▶ _Exercise_: Return every line of the records that includes the string "indices".

====== Dataset records ======

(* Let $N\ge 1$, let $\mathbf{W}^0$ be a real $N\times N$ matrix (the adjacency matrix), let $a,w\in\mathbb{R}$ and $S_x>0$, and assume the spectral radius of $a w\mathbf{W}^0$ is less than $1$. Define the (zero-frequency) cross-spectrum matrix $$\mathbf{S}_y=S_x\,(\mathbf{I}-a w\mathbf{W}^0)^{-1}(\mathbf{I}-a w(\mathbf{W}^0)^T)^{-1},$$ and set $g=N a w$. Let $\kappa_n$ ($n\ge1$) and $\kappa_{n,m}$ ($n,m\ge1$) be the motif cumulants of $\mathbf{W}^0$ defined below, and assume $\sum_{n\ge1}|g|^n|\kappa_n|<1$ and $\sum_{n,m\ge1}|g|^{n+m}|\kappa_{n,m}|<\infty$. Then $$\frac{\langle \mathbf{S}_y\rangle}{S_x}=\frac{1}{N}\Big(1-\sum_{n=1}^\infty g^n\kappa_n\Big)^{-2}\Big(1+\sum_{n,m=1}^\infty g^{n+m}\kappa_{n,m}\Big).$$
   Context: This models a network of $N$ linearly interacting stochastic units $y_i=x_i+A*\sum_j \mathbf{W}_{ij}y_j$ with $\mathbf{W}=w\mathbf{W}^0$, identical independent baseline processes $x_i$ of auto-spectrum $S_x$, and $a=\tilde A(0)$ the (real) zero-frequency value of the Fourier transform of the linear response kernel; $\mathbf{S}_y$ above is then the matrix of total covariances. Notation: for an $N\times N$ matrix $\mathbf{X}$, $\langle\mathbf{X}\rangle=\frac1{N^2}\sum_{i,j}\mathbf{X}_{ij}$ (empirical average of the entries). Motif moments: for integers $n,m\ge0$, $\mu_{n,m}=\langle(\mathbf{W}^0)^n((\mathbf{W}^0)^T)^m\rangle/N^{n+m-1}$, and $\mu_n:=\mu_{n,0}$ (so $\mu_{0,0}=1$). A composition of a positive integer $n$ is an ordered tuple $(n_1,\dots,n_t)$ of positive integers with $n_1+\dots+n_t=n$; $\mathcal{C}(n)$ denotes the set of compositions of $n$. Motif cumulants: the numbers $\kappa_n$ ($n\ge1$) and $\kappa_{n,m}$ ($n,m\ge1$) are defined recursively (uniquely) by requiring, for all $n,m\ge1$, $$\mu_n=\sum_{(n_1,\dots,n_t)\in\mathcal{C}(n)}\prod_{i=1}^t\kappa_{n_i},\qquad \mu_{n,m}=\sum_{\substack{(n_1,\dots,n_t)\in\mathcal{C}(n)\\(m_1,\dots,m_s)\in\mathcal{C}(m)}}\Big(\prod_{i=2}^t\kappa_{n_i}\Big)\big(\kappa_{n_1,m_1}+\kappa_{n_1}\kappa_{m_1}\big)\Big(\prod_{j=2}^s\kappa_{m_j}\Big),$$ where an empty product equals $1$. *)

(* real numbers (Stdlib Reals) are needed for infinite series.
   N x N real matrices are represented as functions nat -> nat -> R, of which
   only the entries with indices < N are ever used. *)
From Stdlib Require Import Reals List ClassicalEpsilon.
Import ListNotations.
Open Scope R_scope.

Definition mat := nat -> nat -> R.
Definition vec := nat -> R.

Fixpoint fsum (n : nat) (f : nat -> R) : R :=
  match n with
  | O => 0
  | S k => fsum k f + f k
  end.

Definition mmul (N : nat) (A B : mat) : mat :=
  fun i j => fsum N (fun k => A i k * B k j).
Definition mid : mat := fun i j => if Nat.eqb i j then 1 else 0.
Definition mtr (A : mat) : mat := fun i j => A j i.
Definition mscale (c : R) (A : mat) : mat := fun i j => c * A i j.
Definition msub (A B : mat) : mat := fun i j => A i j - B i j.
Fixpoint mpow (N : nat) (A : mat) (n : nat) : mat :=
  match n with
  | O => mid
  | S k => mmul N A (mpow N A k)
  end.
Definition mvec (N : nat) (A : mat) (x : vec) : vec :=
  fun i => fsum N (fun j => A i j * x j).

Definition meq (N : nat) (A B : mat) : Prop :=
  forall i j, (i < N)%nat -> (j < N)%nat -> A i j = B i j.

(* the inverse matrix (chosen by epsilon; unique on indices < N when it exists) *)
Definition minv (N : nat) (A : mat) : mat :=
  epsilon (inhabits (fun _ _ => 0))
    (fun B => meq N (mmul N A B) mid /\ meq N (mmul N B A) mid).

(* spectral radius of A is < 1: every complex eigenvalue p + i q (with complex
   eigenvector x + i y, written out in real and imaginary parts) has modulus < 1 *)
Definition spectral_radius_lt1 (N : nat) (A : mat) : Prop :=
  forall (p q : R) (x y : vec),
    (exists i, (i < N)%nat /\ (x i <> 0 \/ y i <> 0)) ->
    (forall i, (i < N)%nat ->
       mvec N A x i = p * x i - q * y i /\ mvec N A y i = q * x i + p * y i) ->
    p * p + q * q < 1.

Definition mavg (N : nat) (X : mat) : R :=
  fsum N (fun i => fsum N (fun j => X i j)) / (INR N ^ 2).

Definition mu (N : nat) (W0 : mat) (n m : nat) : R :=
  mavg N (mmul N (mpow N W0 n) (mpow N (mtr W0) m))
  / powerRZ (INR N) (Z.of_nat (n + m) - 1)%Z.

======

▶ _Task result_:
   only the entries with indices < N are ever used. *)
(* the inverse matrix (chosen by epsilon; unique on indices < N when it exists) *)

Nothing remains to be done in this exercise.